Write out the following listing's lines from the one with "Lemma rk1_union P" to the one with "by exists A;", exactly, with both included and no others.

━━ RECORDS SHOWN ━━

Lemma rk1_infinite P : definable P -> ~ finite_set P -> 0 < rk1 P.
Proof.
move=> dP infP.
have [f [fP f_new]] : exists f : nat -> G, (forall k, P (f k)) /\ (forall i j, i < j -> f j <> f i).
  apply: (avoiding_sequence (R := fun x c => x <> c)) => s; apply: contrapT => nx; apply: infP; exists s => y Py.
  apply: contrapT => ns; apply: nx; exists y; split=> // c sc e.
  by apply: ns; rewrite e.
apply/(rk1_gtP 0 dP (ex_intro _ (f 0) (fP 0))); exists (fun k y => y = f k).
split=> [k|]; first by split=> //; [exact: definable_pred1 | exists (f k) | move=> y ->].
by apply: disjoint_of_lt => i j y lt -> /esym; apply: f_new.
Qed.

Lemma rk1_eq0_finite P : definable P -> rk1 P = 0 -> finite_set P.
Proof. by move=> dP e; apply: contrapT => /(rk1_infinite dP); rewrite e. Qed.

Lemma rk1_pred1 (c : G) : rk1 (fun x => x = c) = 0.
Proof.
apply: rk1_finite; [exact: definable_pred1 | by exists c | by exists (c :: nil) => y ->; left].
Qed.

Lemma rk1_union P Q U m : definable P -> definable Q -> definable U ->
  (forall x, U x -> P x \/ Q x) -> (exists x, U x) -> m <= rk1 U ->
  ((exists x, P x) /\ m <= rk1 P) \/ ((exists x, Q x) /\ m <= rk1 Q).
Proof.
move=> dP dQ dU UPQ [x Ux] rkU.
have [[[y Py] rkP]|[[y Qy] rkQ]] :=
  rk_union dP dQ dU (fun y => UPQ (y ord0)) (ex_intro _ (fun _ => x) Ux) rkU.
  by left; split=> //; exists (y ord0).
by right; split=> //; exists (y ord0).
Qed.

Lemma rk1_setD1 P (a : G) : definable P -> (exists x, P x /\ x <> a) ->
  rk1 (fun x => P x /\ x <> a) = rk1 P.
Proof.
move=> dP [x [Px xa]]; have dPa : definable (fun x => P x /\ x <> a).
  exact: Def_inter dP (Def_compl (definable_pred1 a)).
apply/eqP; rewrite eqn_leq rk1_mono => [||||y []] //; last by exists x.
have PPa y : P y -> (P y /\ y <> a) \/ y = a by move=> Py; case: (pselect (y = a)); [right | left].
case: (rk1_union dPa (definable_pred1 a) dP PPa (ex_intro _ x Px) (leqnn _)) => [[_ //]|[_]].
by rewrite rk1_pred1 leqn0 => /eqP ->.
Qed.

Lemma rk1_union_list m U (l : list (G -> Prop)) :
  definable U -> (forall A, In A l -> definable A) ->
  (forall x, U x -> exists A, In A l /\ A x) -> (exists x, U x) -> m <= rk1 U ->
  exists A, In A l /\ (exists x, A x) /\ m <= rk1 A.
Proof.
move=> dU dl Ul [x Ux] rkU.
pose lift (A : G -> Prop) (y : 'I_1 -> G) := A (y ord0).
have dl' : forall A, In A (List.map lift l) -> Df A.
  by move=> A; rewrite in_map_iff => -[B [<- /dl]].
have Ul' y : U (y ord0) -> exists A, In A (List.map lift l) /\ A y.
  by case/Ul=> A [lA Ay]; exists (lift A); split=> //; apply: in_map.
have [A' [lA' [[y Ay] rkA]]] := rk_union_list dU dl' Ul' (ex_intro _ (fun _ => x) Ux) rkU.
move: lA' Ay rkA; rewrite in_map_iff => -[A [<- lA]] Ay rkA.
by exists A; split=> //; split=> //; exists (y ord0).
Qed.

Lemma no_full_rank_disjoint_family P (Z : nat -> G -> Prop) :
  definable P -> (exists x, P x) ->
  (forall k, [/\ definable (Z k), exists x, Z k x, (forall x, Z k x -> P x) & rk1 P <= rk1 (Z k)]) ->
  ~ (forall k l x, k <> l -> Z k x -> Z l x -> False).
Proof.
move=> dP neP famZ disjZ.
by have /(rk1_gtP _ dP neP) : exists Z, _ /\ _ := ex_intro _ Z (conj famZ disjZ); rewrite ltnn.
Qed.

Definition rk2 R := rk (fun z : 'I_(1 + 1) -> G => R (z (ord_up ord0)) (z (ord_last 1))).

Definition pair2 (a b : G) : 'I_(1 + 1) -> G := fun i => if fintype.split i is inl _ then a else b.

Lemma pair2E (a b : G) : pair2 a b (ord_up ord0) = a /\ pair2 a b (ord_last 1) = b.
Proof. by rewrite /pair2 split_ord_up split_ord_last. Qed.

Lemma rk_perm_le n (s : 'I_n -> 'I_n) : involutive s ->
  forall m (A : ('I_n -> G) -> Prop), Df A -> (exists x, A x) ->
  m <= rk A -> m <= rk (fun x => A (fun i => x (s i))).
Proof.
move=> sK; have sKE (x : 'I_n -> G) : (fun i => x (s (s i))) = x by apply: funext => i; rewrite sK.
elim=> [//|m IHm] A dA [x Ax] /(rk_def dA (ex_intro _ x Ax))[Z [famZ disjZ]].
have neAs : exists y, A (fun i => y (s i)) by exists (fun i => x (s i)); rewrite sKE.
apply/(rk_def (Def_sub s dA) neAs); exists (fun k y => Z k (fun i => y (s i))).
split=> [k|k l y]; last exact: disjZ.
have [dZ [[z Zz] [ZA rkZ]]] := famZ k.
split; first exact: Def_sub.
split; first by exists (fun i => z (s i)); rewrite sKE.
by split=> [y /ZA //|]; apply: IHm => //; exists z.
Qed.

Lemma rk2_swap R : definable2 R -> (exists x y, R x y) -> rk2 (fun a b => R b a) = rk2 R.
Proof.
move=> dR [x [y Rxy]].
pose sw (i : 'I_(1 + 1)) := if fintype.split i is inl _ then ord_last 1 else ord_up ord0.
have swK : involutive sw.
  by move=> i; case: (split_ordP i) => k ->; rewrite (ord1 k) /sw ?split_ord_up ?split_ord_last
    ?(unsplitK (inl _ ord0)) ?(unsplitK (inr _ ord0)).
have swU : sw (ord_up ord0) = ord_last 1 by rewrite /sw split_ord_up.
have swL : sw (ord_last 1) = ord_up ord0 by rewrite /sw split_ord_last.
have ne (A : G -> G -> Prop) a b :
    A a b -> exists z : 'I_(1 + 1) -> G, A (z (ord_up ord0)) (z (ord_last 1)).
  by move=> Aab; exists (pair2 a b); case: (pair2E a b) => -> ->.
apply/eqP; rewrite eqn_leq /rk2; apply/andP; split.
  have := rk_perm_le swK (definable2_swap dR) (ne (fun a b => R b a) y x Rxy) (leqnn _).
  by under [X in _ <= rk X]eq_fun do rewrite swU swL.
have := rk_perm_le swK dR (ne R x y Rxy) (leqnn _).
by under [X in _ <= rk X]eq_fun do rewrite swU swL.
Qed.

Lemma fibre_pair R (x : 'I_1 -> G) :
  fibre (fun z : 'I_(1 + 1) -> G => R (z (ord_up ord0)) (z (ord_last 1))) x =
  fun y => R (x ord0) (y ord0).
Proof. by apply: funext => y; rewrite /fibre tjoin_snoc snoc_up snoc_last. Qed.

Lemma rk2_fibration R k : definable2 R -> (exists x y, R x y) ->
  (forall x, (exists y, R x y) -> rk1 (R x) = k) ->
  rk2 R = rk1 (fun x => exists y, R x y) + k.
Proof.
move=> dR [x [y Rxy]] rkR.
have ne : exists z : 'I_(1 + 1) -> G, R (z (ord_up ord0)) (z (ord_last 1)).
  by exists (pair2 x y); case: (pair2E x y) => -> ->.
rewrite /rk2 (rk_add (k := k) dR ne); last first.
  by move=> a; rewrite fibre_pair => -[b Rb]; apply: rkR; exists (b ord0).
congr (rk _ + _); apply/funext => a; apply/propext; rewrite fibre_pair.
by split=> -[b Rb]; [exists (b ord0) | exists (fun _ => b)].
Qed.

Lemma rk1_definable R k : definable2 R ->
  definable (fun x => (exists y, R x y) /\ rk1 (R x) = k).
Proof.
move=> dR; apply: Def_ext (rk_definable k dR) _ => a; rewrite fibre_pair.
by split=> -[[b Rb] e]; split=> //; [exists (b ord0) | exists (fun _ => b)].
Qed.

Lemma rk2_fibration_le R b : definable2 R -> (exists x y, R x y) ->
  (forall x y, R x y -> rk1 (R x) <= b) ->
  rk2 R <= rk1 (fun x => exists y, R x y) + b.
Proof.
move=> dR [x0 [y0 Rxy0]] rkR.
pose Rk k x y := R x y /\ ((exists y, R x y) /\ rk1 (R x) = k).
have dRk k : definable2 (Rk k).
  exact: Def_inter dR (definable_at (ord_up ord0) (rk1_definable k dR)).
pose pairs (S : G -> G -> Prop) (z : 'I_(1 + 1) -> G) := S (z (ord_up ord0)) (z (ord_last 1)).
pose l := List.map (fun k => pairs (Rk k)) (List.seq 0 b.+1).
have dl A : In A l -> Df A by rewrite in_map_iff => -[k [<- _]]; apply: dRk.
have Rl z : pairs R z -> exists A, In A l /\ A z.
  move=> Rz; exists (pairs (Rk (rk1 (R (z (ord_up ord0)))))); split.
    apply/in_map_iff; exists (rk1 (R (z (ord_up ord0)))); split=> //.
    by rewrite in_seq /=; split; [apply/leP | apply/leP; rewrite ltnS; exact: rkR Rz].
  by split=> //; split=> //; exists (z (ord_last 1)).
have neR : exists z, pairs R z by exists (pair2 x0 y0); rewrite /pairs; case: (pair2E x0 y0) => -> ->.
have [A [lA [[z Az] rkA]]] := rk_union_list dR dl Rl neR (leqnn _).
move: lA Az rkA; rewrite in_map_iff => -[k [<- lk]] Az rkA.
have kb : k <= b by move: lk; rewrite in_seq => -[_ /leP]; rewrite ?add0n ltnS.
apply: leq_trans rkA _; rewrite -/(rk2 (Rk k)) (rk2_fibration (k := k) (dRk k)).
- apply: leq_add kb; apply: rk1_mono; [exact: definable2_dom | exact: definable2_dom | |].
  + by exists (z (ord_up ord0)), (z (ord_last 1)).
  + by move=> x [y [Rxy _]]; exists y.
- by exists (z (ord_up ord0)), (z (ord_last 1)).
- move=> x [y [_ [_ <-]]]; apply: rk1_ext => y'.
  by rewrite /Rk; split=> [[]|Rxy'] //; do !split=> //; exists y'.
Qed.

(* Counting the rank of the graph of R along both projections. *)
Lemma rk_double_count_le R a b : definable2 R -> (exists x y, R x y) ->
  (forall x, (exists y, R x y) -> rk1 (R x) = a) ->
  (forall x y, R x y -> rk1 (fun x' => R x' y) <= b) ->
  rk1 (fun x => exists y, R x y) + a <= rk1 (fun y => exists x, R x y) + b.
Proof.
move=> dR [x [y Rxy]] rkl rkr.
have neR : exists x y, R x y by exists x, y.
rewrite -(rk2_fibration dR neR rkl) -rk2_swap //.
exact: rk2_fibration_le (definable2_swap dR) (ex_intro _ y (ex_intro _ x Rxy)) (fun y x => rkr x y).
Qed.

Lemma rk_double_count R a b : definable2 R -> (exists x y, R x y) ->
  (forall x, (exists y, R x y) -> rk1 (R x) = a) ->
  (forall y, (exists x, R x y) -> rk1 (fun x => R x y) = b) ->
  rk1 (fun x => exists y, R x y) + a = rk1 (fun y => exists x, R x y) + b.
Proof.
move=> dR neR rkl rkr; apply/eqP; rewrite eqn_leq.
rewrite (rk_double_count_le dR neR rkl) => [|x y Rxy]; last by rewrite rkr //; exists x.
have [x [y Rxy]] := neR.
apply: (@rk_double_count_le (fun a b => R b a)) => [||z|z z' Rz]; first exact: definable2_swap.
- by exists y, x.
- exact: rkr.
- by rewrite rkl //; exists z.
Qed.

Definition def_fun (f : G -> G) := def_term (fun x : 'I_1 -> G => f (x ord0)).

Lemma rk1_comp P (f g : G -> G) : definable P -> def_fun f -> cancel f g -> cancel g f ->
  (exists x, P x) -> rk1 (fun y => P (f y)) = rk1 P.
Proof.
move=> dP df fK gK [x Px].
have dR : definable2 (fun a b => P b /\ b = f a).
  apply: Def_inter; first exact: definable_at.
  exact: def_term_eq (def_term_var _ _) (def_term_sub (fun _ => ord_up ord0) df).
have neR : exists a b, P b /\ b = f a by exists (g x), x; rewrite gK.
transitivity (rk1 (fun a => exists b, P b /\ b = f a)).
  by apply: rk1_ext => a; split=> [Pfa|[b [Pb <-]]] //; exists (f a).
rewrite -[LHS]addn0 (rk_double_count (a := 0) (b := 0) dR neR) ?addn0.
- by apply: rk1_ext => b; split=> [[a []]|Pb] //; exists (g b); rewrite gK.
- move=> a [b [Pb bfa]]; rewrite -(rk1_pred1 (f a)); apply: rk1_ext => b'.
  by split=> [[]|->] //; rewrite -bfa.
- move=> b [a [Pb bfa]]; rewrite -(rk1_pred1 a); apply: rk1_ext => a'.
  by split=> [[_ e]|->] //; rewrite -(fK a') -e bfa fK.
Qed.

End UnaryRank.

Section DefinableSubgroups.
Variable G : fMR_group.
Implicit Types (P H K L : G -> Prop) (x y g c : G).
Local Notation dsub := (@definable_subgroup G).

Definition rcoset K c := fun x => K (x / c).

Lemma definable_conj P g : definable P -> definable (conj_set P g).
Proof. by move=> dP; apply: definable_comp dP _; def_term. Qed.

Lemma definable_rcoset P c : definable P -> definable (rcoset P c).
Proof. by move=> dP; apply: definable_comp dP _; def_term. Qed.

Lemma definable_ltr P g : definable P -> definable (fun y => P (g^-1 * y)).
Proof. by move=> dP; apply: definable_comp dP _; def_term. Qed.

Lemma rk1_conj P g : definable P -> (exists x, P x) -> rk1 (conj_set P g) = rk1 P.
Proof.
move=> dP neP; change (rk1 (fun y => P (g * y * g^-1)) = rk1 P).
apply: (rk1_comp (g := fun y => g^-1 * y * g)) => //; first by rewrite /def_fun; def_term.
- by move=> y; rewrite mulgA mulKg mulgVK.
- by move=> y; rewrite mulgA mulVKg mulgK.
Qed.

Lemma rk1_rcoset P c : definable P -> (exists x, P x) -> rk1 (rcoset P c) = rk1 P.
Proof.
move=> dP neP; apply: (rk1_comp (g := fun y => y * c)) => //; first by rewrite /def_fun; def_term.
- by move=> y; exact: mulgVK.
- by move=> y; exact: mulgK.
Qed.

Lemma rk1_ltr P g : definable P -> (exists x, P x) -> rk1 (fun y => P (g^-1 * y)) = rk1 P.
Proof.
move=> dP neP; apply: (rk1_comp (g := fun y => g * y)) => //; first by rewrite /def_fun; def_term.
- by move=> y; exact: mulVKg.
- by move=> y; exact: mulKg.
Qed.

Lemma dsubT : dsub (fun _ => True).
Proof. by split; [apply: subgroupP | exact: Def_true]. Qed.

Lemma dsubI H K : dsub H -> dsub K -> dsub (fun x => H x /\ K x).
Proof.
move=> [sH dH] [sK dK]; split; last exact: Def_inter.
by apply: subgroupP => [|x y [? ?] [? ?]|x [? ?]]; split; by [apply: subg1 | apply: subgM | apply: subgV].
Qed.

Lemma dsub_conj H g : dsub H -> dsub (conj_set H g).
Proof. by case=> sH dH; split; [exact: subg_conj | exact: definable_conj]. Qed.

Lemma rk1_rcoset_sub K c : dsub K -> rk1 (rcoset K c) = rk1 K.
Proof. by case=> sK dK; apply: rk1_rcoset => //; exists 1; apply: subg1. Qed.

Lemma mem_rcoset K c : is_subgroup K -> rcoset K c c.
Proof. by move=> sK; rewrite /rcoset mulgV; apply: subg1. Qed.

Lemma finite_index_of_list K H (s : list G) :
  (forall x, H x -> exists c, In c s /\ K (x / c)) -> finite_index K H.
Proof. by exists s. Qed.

━━━

RESULT OF THIS TASK =
Lemma rk1_union P Q U m : definable P -> definable Q -> definable U ->
  (forall x, U x -> P x \/ Q x) -> (exists x, U x) -> m <= rk1 U ->
  ((exists x, P x) /\ m <= rk1 P) \/ ((exists x, Q x) /\ m <= rk1 Q).
Proof.
move=> dP dQ dU UPQ [x Ux] rkU.
have [[[y Py] rkP]|[[y Qy] rkQ]] :=
  rk_union dP dQ dU (fun y => UPQ (y ord0)) (ex_intro _ (fun _ => x) Ux) rkU.
  by left; split=> //; exists (y ord0).
by right; split=> //; exists (y ord0).
Qed.

Lemma rk1_setD1 P (a : G) : definable P -> (exists x, P x /\ x <> a) ->
  rk1 (fun x => P x /\ x <> a) = rk1 P.
Proof.
move=> dP [x [Px xa]]; have dPa : definable (fun x => P x /\ x <> a).
  exact: Def_inter dP (Def_compl (definable_pred1 a)).
apply/eqP; rewrite eqn_leq rk1_mono => [||||y []] //; last by exists x.
have PPa y : P y -> (P y /\ y <> a) \/ y = a by move=> Py; case: (pselect (y = a)); [right | left].
case: (rk1_union dPa (definable_pred1 a) dP PPa (ex_intro _ x Px) (leqnn _)) => [[_ //]|[_]].
by rewrite rk1_pred1 leqn0 => /eqP ->.
Qed.

Lemma rk1_union_list m U (l : list (G -> Prop)) :
  definable U -> (forall A, In A l -> definable A) ->
  (forall x, U x -> exists A, In A l /\ A x) -> (exists x, U x) -> m <= rk1 U ->
  exists A, In A l /\ (exists x, A x) /\ m <= rk1 A.
Proof.
move=> dU dl Ul [x Ux] rkU.
pose lift (A : G -> Prop) (y : 'I_1 -> G) := A (y ord0).
have dl' : forall A, In A (List.map lift l) -> Df A.
  by move=> A; rewrite in_map_iff => -[B [<- /dl]].
have Ul' y : U (y ord0) -> exists A, In A (List.map lift l) /\ A y.
  by case/Ul=> A [lA Ay]; exists (lift A); split=> //; apply: in_map.
have [A' [lA' [[y Ay] rkA]]] := rk_union_list dU dl' Ul' (ex_intro _ (fun _ => x) Ux) rkU.
move: lA' Ay rkA; rewrite in_map_iff => -[A [<- lA]] Ay rkA.
by exists A; split=> //; split=> //; exists (y ord0).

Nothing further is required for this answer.